“It is well enough that people of the nation do not understand our banking and monetary system, for if they did, I believe there would a revolution before tomorrow morning.”
- Henry Ford
We’ve all heard the expression, “It's like money in the bank!” What could be safer or more reliable than one of our long-standing financial institutions?
Ironically, in recent years, it's becoming clear that banks aren't the safe havens for our dollars that we imagine.
FDIC Insurance and the Illusion of Protection
When the value of houses and stocks went into freefall in 2008, a few people began to become concerned about their bank savings. The FDIC, which insures bank accounts, was quick to give extra assurances. FDIC insurance limits on savings accounts were increased from $100k to $250k and Suze Orman was hired as a spokesperson for public service announcements. The public breathed a little easier, and banking went on as before.

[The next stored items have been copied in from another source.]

(* Let $n\ge 4$ and let $Q_F(n)$ be the reduced quiver of the GL$_2$-dimer of the fan triangulation of the $n$-gon whose diagonals are $v_1v_{k+2}$, $k=1,\dots,n-3$. Then $Q_F(n)$ has exactly $2n$ boundary vertices $1,\dots,2n$ and $n-3$ internal vertices $i_1,\dots,i_{n-3}$, and its arrows are exactly: the $2n+2$ arrows between boundary vertices $$x_k:k-1\to k\ (k\in[1,2n],\ \text{indices mod }2n),\qquad y_4:4\to 2,\qquad y_{2n}:2n\to 2n-2,$$ and the arrows $$\alpha_0:2\to i_1,\quad \alpha_k:i_k\to i_{k+1}\ (1\le k<n-3),\quad \alpha_{n-3}:i_{n-3}\to 2n,$$ $$\beta_{k-1}:i_k\to 2k+2\ (1\le k\le n-3),\qquad \gamma_k:2k+4\to i_k\ (1\le k\le n-3).$$ For $n=3$, $Q_F(3)$ has the six boundary vertices $1,\dots,6$, no internal vertices, and arrows $x_1,\dots,x_6$, $4\to2$, $2\to6$, $6\to4$.
   Context: A triangulation of a convex polygon with vertices $v_1,\dots,v_n$ (anticlockwise) is a fan triangulation at $v_1$ if all its $n-3$ diagonals are incident with $v_1$. GL$_m$-dimer and its quiver: let $m\ge2$, $n\ge 3$, and let $T$ be a triangulation of a convex $n$-gon $P$ with vertices $v_1,\dots,v_n$ in anticlockwise order. Subdivide every triangle of $T$ by $m-1$ equidistant lines parallel to each of its sides into $m^2$ small triangles (upward ones, i.e. translates of the big triangle, and downward ones). Put a black node at the midpoint of each of the $m$ segments into which each side of each triangle (edge of $P$ or diagonal of $T$) is cut, a black node in every downward small triangle, and a white node in every upward small triangle. Join two nodes of different colour if they belong to the same small triangle or their small triangles share a side. This bipartite graph $G$ is the GL$_m$-dimer of $T$. Its quiver has one vertex for each connected component of $P\setminus G$ and, for each edge of $G$, one arrow between the two components it separates, oriented so that the white endpoint lies to its left; each white node gives an anticlockwise face and each black node of degree $\ge2$ a clockwise face; arrows in one face are boundary arrows, those in two faces internal arrows. Every 2-cycle of internal arrows is removed using the relations from the natural potential (on $G$: a bivalent black node is deleted and its two white neighbours are merged); the result is the reduced quiver. Vertices incident with boundary arrows are boundary vertices, the others internal. There are $mn$ boundary vertices, labelled $1,\dots,mn$ anticlockwise so that vertex $(j-1)m+1$ is the component at the corner $v_j$; the boundary arrows are $x_k:k-1\to k$. Here $m=2$. *)

From Stdlib Require Import Arith Bool List Permutation Relations.
Import ListNotations.
Lemma card_divn_eq (M D q : nat) : 0 < D -> q.+1 * D <= M ->
  #|[set v : 'I_M | v %/ D == q]| = D.
Proof.
move=> D_gt0 qDM.
have divE v : (v %/ D == q) = (q * D <= v < q * D + D).
  by rewrite eqn_leq -ltnS ltn_divLR // leq_divRL // mulSn addnC andbC.
rewrite (card_ord_count M (fun v => v %/ D == q)) -(subnKC qDM) mulSn [D + _]addnC.
rewrite !iotaD !count_cat add0n.
rewrite (eq_in_count (a2 := pred0)) ?count_pred0; last first.
  by move=> v; rewrite mem_iota divE /=; lia.
rewrite (eq_in_count (a2 := predT)) ?count_predT ?size_iota; last first.
  by move=> v; rewrite mem_iota divE /=; lia.
rewrite (eq_in_count (a2 := pred0)) ?count_pred0 ?addn0 //.
by move=> v; rewrite mem_iota divE /=; lia.
Qed.

Lemma divn_expn_eq_mono (N a b i j : nat) : i <= j ->
  a %/ N ^ i = b %/ N ^ i -> a %/ N ^ j = b %/ N ^ j.
Proof. by move=> le_ij e; rewrite -(subnKC le_ij) expnD !divnMA e. Qed.

Section HierarchicalDistance.

Variables N n : nat.
Implicit Types a b c v w x y z : 'I_(N ^ n).

Lemma dist_sym a b : dist N n a b = dist N n b a.
Proof. by apply: eq_find => i; rewrite eq_sym. Qed.

Lemma dist_refl a : dist N n a a = 0.
Proof. by rewrite /dist /= eqxx. Qed.

Lemma dist_leq_divn a b l : (dist N n a b <= l) = (a %/ N ^ l == b %/ N ^ l).
Proof.
pose P l := a %/ N ^ l == b %/ N ^ l.
have P_n : P n by rewrite /P !divn_small.
have has_P : has P (iota 0 n.+1) by apply/hasP; exists n; rewrite ?mem_iota ?ltnSn.
have -> : dist N n a b = find P (iota 0 n.+1) by [].
have find_lt : find P (iota 0 n.+1) < n.+1 by rewrite -[X in _ < X](size_iota 0) -has_find.
apply/idP/idP => [le_dl | P_l].
  have := nth_find 0 has_P; rewrite nth_iota // add0n => /eqP.
  by move/(divn_expn_eq_mono le_dl)/eqP.
rewrite leqNgt; apply/negP => lt_ld.
have := before_find 0 lt_ld; rewrite nth_iota ?add0n; last exact: ltn_trans lt_ld find_lt.
by rewrite /P P_l.
Qed.

Lemma dist_ultra x y z : dist N n x z <= maxn (dist N n x y) (dist N n y z).
Proof.
set l := maxn _ _; rewrite dist_leq_divn.
have /eqP -> : x %/ N ^ l == y %/ N ^ l by rewrite -dist_leq_divn leq_maxl.
by rewrite -dist_leq_divn leq_maxr.
Qed.

Definition ball c (l : nat) : {set 'I_(N ^ n)} := [set v : 'I_(N ^ n) | dist N n v c <= l].
Definition sphere c (l : nat) : {set 'I_(N ^ n)} := [set v : 'I_(N ^ n) | dist N n v c == l].

Lemma center_in_ball c l : c \in ball c l.
Proof. by rewrite inE dist_refl. Qed.

Lemma ball_mono c l l' : l <= l' -> ball c l \subset ball c l'.
Proof. by move=> le_ll'; apply/subsetP => v; rewrite !inE => /leq_trans; apply. Qed.

Lemma dist_out_ball c l v w : v \in ball c l -> w \notin ball c l ->
  dist N n w v = dist N n w c.
Proof.
rewrite !inE -ltnNge => vc cw.
have := dist_ultra w v c; have := dist_ultra w c v; rewrite (dist_sym c v); lia.
Qed.

Lemma is_block_ball l B c : is_block N n l B -> c \in B -> B = ball c l.
Proof.
move=> [_ [j _ ->]]; rewrite inE => /eqP cj.
by apply/setP => v; rewrite !inE dist_leq_divn cj.
Qed.

Lemma is_block_n0 l B : 0 < N -> is_block N n l B -> exists c, c \in B.
Proof.
move=> N_gt0 [le_ln [j lt_j ->]].
have lt_jN : j * N ^ l < N ^ n.
  by rewrite -[in N ^ n](subnK le_ln) expnD ltn_pmul2r // expn_gt0 N_gt0.
by exists (Ordinal lt_jN); rewrite inE /= mulnK // expn_gt0 N_gt0.
Qed.

Lemma card_ball c l : 0 < N -> l <= n -> #|ball c l| = N ^ l.
Proof.
move=> N_gt0 le_ln.
have -> : ball c l = [set v : 'I_(N ^ n) | v %/ N ^ l == c %/ N ^ l].
  by apply/setP => v; rewrite !inE dist_leq_divn.
apply: card_divn_eq; first by rewrite expn_gt0 N_gt0.
have lt_cl : c %/ N ^ l < N ^ (n - l).
  by rewrite ltn_divLR ?expn_gt0 ?N_gt0 // -expnD subnK.
by rewrite -[X in _ <= N ^ X](subnK le_ln) expnD leq_mul2r lt_cl orbT.
Qed.

Lemma card_sphere c i : 0 < N -> 0 < i <= n -> #|sphere c i| = N ^ i - N ^ i.-1.
Proof.
move=> N_gt0 /andP[i_gt0 le_in].
rewrite -(card_ball c N_gt0 le_in) -(card_ball c N_gt0 (leq_trans (leq_pred i) le_in)).
rewrite -(cardsID (ball c i.-1) (ball c i)).
have -> : ball c i :&: ball c i.-1 = ball c i.-1 by apply/setP => v; rewrite !inE; lia.
have -> : ball c i :\: ball c i.-1 = sphere c i by apply/setP => v; rewrite !inE; lia.
by rewrite addKn.
Qed.

End HierarchicalDistance.

Local Open Scope ring_scope.

Lemma sum_sign (R : comPzRingType) (T : finType) (A : {set T}) (s : T -> R) (c : R) :
  (forall v, s v = c \/ s v = - c) ->
  \sum_(v in A) s v = c * (#|A|%:R - 2 * #|[set v in A | s v == - c]|%:R).
Proof.
move=> s_pm.
rewrite (big_setID [set v | s v == - c]) /= -setIdE -(cardsID [set v | s v == - c] A) -setIdE.
have -> : \sum_(v in [set v in A | s v == - c]) s v = - c *+ #|[set v in A | s v == - c]|.
  by rewrite -sumr_const; apply: eq_bigr => v; rewrite inE => /andP[_ /eqP].
have -> : \sum_(v in A :\: [set v | s v == - c]) s v = c *+ #|A :\: [set v | s v == - c]|.
  rewrite -sumr_const; apply: eq_bigr => v; rewrite !inE => /andP[/eqP s_nc _].
  by case: (s_pm v).
rewrite natrD; ring.
Qed.

Lemma sum_partition_nat (R : nmodType) (T : finType) (A : {pred T}) (g : T -> nat)
    (lo hi : nat) (F : T -> R) :
  {in A, forall v, lo <= g v < hi}%N ->
  \sum_(v in A) F v = \sum_(lo <= i < hi) \sum_(v in A | g v == i) F v.
Proof.
move=> g_range; under [RHS]eq_bigr do rewrite big_mkcondr /=.
rewrite exchange_big /=; apply: eq_bigr => v vA.
rewrite (bigD1_seq (g v)) ?mem_index_iota ?g_range ?iota_uniq //= eqxx big1 ?addr0 //.
by move=> i; rewrite eq_sym => /negbTE ->.
Qed.

Lemma sum_pairs_sym (V : nmodType) (M : nat) (f : 'I_M -> 'I_M -> V) :
  (forall v w, f v w = f w v) ->
  \sum_v \sum_w f v w = (\sum_v \sum_(w | (val v < val w)%N) f v w) *+ 2 + \sum_v f v v.
Proof.
move=> f_sym.
have split_row v : \sum_w f v w =
    \sum_(w | (val v < val w)%N) f v w + \sum_(w | (val w < val v)%N) f v w + f v v.
  rewrite (bigD1 v) //= (bigID (fun w => (val v < val w)%N)) /= addrC.
  by congr (_ + _ + _); apply: eq_bigl => w; rewrite -(inj_eq val_inj) /=; lia.
have lower_upper : \sum_v \sum_(w | (val w < val v)%N) f v w
                 = \sum_v \sum_(w | (val v < val w)%N) f v w.
  rewrite (exchange_big_dep xpredT) //=; apply: eq_bigr => v _.
  by apply: eq_bigr => w _; rewrite f_sym.
by rewrite (eq_bigr _ (fun v _ => split_row v)) !big_split /= lower_upper mulr2n.
Qed.

Lemma sum_rank2_form (R : comPzRingType) (T : finType) (K : T -> T -> R) (g e s : T -> R) :
  (forall v w, K v w = g v * e w + g w * e v) ->
  \sum_v \sum_w K v w * s v * s w = 2 * (\sum_v g v * s v) * (\sum_v e v * s v).
Proof.
move=> K_split.
transitivity (\sum_v \sum_w (g v * s v * (e w * s w) + g w * s w * (e v * s v))).
  by apply: eq_bigr => v _; apply: eq_bigr => w _; rewrite K_split; ring.
under eq_bigr do rewrite big_split /=.
by rewrite big_split /= [X in _ + X]exchange_big /= -!big_distrlr /= -mulrA mulr_natl mulr2n.
Qed.

Section HamiltonianChange.

Variables (R : realFieldType) (N n : nat) (J : nat -> R) (h : R).
Local Notation V := 'I_(N ^ n).

Lemma ham_involution (s s' : V -> R) (pi : V -> V) :
  involutive pi -> s' =1 s \o pi ->
  ham J h s' - ham J h s =
  - (\sum_v \sum_w (J (dist N n (pi v) (pi w)) - J (dist N n v w)) * s v * s w) / 4.
Proof.
move=> piK s'E.
have reindex (F : V -> R) : \sum_v F (pi v) = \sum_v F v.
  by rewrite [RHS](reindex_inj (inv_inj piK)).
pose E (s0 : V -> R) := \sum_(v : V) \sum_(w : V) J (dist N n v w) * s0 v * s0 w.
have hamE (s0 : V -> R) : ham J h s0 =
    - (E s0 - \sum_v J 0%N * s0 v * s0 v) / 4 - h / 2 * \sum_v s0 v.
  rewrite /ham /E (@sum_pairs_sym _ _ (fun v w => J (dist N n v w) * s0 v * s0 w)).
    have -> : \sum_(v : V) J (dist N n v v) * s0 v * s0 v = \sum_v J 0%N * s0 v * s0 v.
      by apply: eq_bigr => v _; rewrite dist_refl.
    by field.
  by move=> v w; rewrite dist_sym mulrAC.
have E_s' : E s' = \sum_v \sum_w J (dist N n (pi v) (pi w)) * s v * s w.
  rewrite /E -reindex; apply: eq_bigr => v _; rewrite -reindex.
  by apply: eq_bigr => w _; rewrite !s'E /= !piK.
have diag_s' : \sum_v J 0%N * s' v * s' v = \sum_v J 0%N * s v * s v.
  by rewrite -reindex; apply: eq_bigr => v _; rewrite !s'E /= piK.
have sum_s' : \sum_v s' v = \sum_v s v.
  by rewrite -reindex; apply: eq_bigr => v _; rewrite s'E /= piK.
have -> : \sum_v \sum_w (J (dist N n (pi v) (pi w)) - J (dist N n v w)) * s v * s w
    = E s' - E s.
  rewrite E_s' /E -sumrB; apply: eq_bigr => v _.
  by rewrite -sumrB; apply: eq_bigr => w _; rewrite !mulrBl.
by rewrite !hamE diag_s' sum_s'; field.
Qed.

End HamiltonianChange.

Section Swap.

Variables (T : finType) (A B : {set T}) (phi psi : T -> T).

Definition swap (v : T) : T := if v \in A then phi v else if v \in B then psi v else v.

Hypotheses (AB_disj : [disjoint A & B])
  (phi_in : {in A, forall x, phi x \in B}) (psi_in : {in B, forall y, psi y \in A})
  (phiK : {in A, cancel phi psi}) (psiK : {in B, cancel psi phi}).

Lemma swap_inl v : v \in A -> swap v = phi v.
Proof. by rewrite /swap => ->. Qed.

Lemma swap_inr v : v \in B -> swap v = psi v.
Proof. by move=> vB; rewrite /swap (disjointFl AB_disj vB) vB. Qed.

Lemma swap_out v : v \notin A :|: B -> swap v = v.
Proof. by rewrite /swap inE negb_or => /andP[/negbTE -> /negbTE ->]. Qed.
Lemma verdictU op N A B :
  verdict op N (A `|` B) = verdict op N A && verdict op N B.
Proof.
apply/verdictP/andP => [HAB|[/verdictP HA /verdictP HB] k].
  by split; apply/verdictP => k Hk; apply: HAB; rewrite in_fsetU Hk ?orbT.
by rewrite in_fsetU => /orP [/HA|/HB].
Qed.

Lemma sumsetP A B z :
  reflect (exists2 a, a \in A & exists2 b, b \in B & z = a + b)
          (z \in sumset A B).
Proof. exact: imfset2P. Qed.

Lemma mem_sumset A B a b : a \in A -> b \in B -> a + b \in sumset A B.
Proof. by move=> Ha Hb; apply/sumsetP; exists a => //; exists b. Qed.

Lemma sumset0 B : sumset fset0 B = fset0.
Proof.
by apply/fsetP => z; rewrite in_fset0; apply/sumsetP => -[a]; rewrite in_fset0.
Qed.

Lemma sort_head_extremal (r : rel nat) (c : countset) :
    total r -> transitive r -> c != fset0 ->
  exists m, [/\ m \in c, {in c, forall x, r m x}
              & [fset x | x in take 1 (sort r (enum_fset c))] = [fset m]].
Proof.
move=> r_total r_trans /fset0Pn [a Ha].
have mem_s := mem_sort r (enum_fset c).
have sorted_s := sort_sorted r_total (enum_fset c).
case: (sort r (enum_fset c)) mem_s sorted_s => [|m t] mem_s /= path_s.
  by have := mem_s a; rewrite in_nil Ha.
exists m; split.
- by rewrite -mem_s mem_head.
- move=> x; rewrite -mem_s in_cons => /predU1P [-> | x_t].
    by have := r_total m m; rewrite orbb.
  exact: (allP (order_path_min r_trans path_s)) x x_t.
- by apply/fsetP => y; rewrite take0 !inE orbF.
Qed.

Lemma sub_take_sort (r : rel nat) k (c : countset) :
  [fset x | x in take k (sort r (enum_fset c))] `<=` c.
Proof.
by apply/fsubsetP => y /imfsetP [x /= /mem_take]; rewrite mem_sort => Hx ->.
Qed.

Lemma card_take_sort (r : rel nat) k (c : countset) :
  #|` [fset x | x in take k (sort r (enum_fset c))]| = minn k #|` c|.
Proof.
rewrite card_imfset //= undup_id ?size_take_min ?size_sort //.
by rewrite take_uniq // sort_uniq fset_uniq.
Qed.

Lemma fset_min (A : countset) : A != fset0 ->
  exists2 m, m \in A & {in A, forall x, m <= x}.
Proof.
move=> A0.
have [m [Hm Hmin _]] := sort_head_extremal leq_total leq_trans A0.
by exists m.
Qed.

Lemma fset_max (A : countset) : A != fset0 ->
  exists2 m, m \in A & {in A, forall x, x <= m}.
Proof.
move=> A0.
have [m [Hm Hmax _]] := sort_head_extremal (r := geq) ge_total ge_trans A0.
by exists m.
Qed.

Definition verdict_equiv op (X Y : countset) : Prop :=
  forall N, verdict op N X = verdict op N Y.

Lemma verdict_equiv_sym op X Y : verdict_equiv op X Y -> verdict_equiv op Y X.
Proof. by move=> XY N; rewrite XY. Qed.

(** [> N] is [>= N.+1] and [<= N] is [< N.+1].  Unlike [<= N], [< N] detects
    emptiness (at [N = 0]), which the cross-product sum needs. *)
Definition base_op op :=
  match op with
  | OpGe | OpGt => OpGe
  | OpLe | OpLt => OpLt
  | OpEq => OpEq
  end.

Lemma verdict_equiv_base op X Y :
  verdict_equiv (base_op op) X Y -> verdict_equiv op X Y.
Proof. by case: op => XY N; [| | exact: XY N.+1 | exact: XY N.+1 |]. Qed.

Lemma sat_base_refutable op k : exists N, ~~ sat (base_op op) N k.
Proof.
by case: op; [exists k.+1 | exists k.+1 | exists k.+1 | exists 0 | exists 0];
  rewrite /=; lia.
Qed.

Lemma verdict_equiv_nonempty op X Y y :
  verdict_equiv (base_op op) X Y -> y \in Y -> X != fset0.
Proof.
move=> XY Hy; apply/negP => /eqP X0; have [N /negP] := sat_base_refutable op y.
by apply; move: y Hy; apply/verdictP; rewrite -XY X0 verdict0.
Qed.

Lemma verdict_sumset_ge A A' B B' N :
    verdict_equiv OpGe A A' -> verdict_equiv OpGe B B' ->
  verdict OpGe N (sumset A B) -> verdict OpGe N (sumset A' B').
Proof.
move=> AA' BB' /verdictP AB; apply/verdictP => _ /sumsetP [a' Ha' [b' Hb' ->]].
have [a Ha amin] := fset_min (verdict_equiv_nonempty (op := OpGe) AA' Ha').
have [b Hb bmin] := fset_min (verdict_equiv_nonempty (op := OpGe) BB' Hb').
have /verdictP/(_ a' Ha') : verdict OpGe a A' by rewrite -AA'; apply/verdictP.
have /verdictP/(_ b' Hb') : verdict OpGe b B' by rewrite -BB'; apply/verdictP.
by have := AB _ (mem_sumset Ha Hb) => /=; lia.
Qed.

Lemma verdict_sumset_lt A A' B B' N :
    verdict_equiv OpLt A A' -> verdict_equiv OpLt B B' ->
  verdict OpLt N (sumset A B) -> verdict OpLt N (sumset A' B').
Proof.
move=> AA' BB' /verdictP AB; apply/verdictP => _ /sumsetP [a' Ha' [b' Hb' ->]].
have [a Ha amax] := fset_max (verdict_equiv_nonempty (op := OpLt) AA' Ha').
have [b Hb bmax] := fset_max (verdict_equiv_nonempty (op := OpLt) BB' Hb').
have /verdictP/(_ a' Ha') : verdict OpLt a.+1 A'.
  by rewrite -AA'; apply/verdictP.
have /verdictP/(_ b' Hb') : verdict OpLt b.+1 B'.
  by rewrite -BB'; apply/verdictP.
by have := AB _ (mem_sumset Ha Hb) => /=; lia.
Qed.
Theorem theorem4 (R : rcfType) (T : finType) (p : T -> pt R) (col : T -> bool)
  (E : {set T * T}) :
  general_position p ->
  (exists r : T, col r) -> (exists b : T, ~~ col b) ->
  is_minbst p col E ->
  quasi_plane p E.
Proof.
move=> gp _ _ minE [e [f [g [eE fE gE [nef nfg neg] [cef cfg ceg]]]]].
have pef : crossing_pair p E e f by [].
have pfg : crossing_pair p E f g by [].
have pge : crossing_pair p E g e by apply: crossing_pairC.
have : [|| side E e f.1 == side E f g.1, side E f g.1 == side E g e.1
         | side E g e.1 == side E e f.1].
  by case: (side E e f.1); case: (side E f g.1); case: (side E g e.1).
case/or3P=> /eqP.
- exact: (no_crossing_triple_side_eq gp minE pef pfg pge).
- exact: (no_crossing_triple_side_eq gp minE pfg pge pef).
- exact: (no_crossing_triple_side_eq gp minE pge pef pfg).
Qed.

In 2009, the FDIC also put out a pamphlet called, somewhat grandiosely, “No Safer Place in the World For Your Money.” The brochure bragged that, if necessary, they could access a $100 billion line of credit from directly from the US Treasury that “under federal law, can be expanded to $500 billion.”
Very impressive indeed, until you consider that the total deposits in US banks is about $5.37 trillion. This pencils out to a guarantee of about two cents on every dollar deposited, unless they raided the Treasury coffers. (And re-appropriating the defense fund budget or the social security trust fund would hardly be a solution.) Other analysts have estimated the reserves to be even less than 2% of deposits.
This highlights a common misconception about FDIC insurance, and banking in general, that your money is somehow "backed" be real-world assets. That is simply not the case. To understand how this really works, let’s take a look at the concept of Fractional Reserve Banking.
Fractional banking is a system where only a small percentage of bank deposits are covered by cash-on-hand. The actual reserve requirement for banks is only 3 – 10%. This means that a bank can loan out 10 to 33 times what its customers have deposited. When a loan or credit card is issued, the applicant’s qualifications give the bank permission to extend credit, and in this way, money is manufactured out of thin air!
Today, dollars (which are literally "banknotes" representing a promise to pay) are not backed by gold, printed money, or anything stored in a vault. The value of this conceptual cash is determined by the worth that people agree to assign to it in combination with whatever confidence society has in the banking institutions and the government.
The truth is that FDIC insurance would be nearly useless in a real economic crisis in which there was a run on banks of any size. Your cash would still be worth more than Monopoly money, but not much.
Even spokesperson Suze Orman confessed her own moment of panic. In a candid US News Money interview in which she discussed taping an Oprah show during the height of the financial crisis, Orman revealed, “I knew it was possible that by the time we came off that show that the entire United States economy could have collapsed. Our credit had frozen — I wasn’t sure we were going to be able to get money out of our A.T.M.’s."
Suze knows as well as anyone, people can't keep spending money that doesn't exist, whether it's from credit cards or a fractional reserve banking Ponzi scheme. Like Bernie Madoff, banks are betting that they'll never have to pay too many people back at once.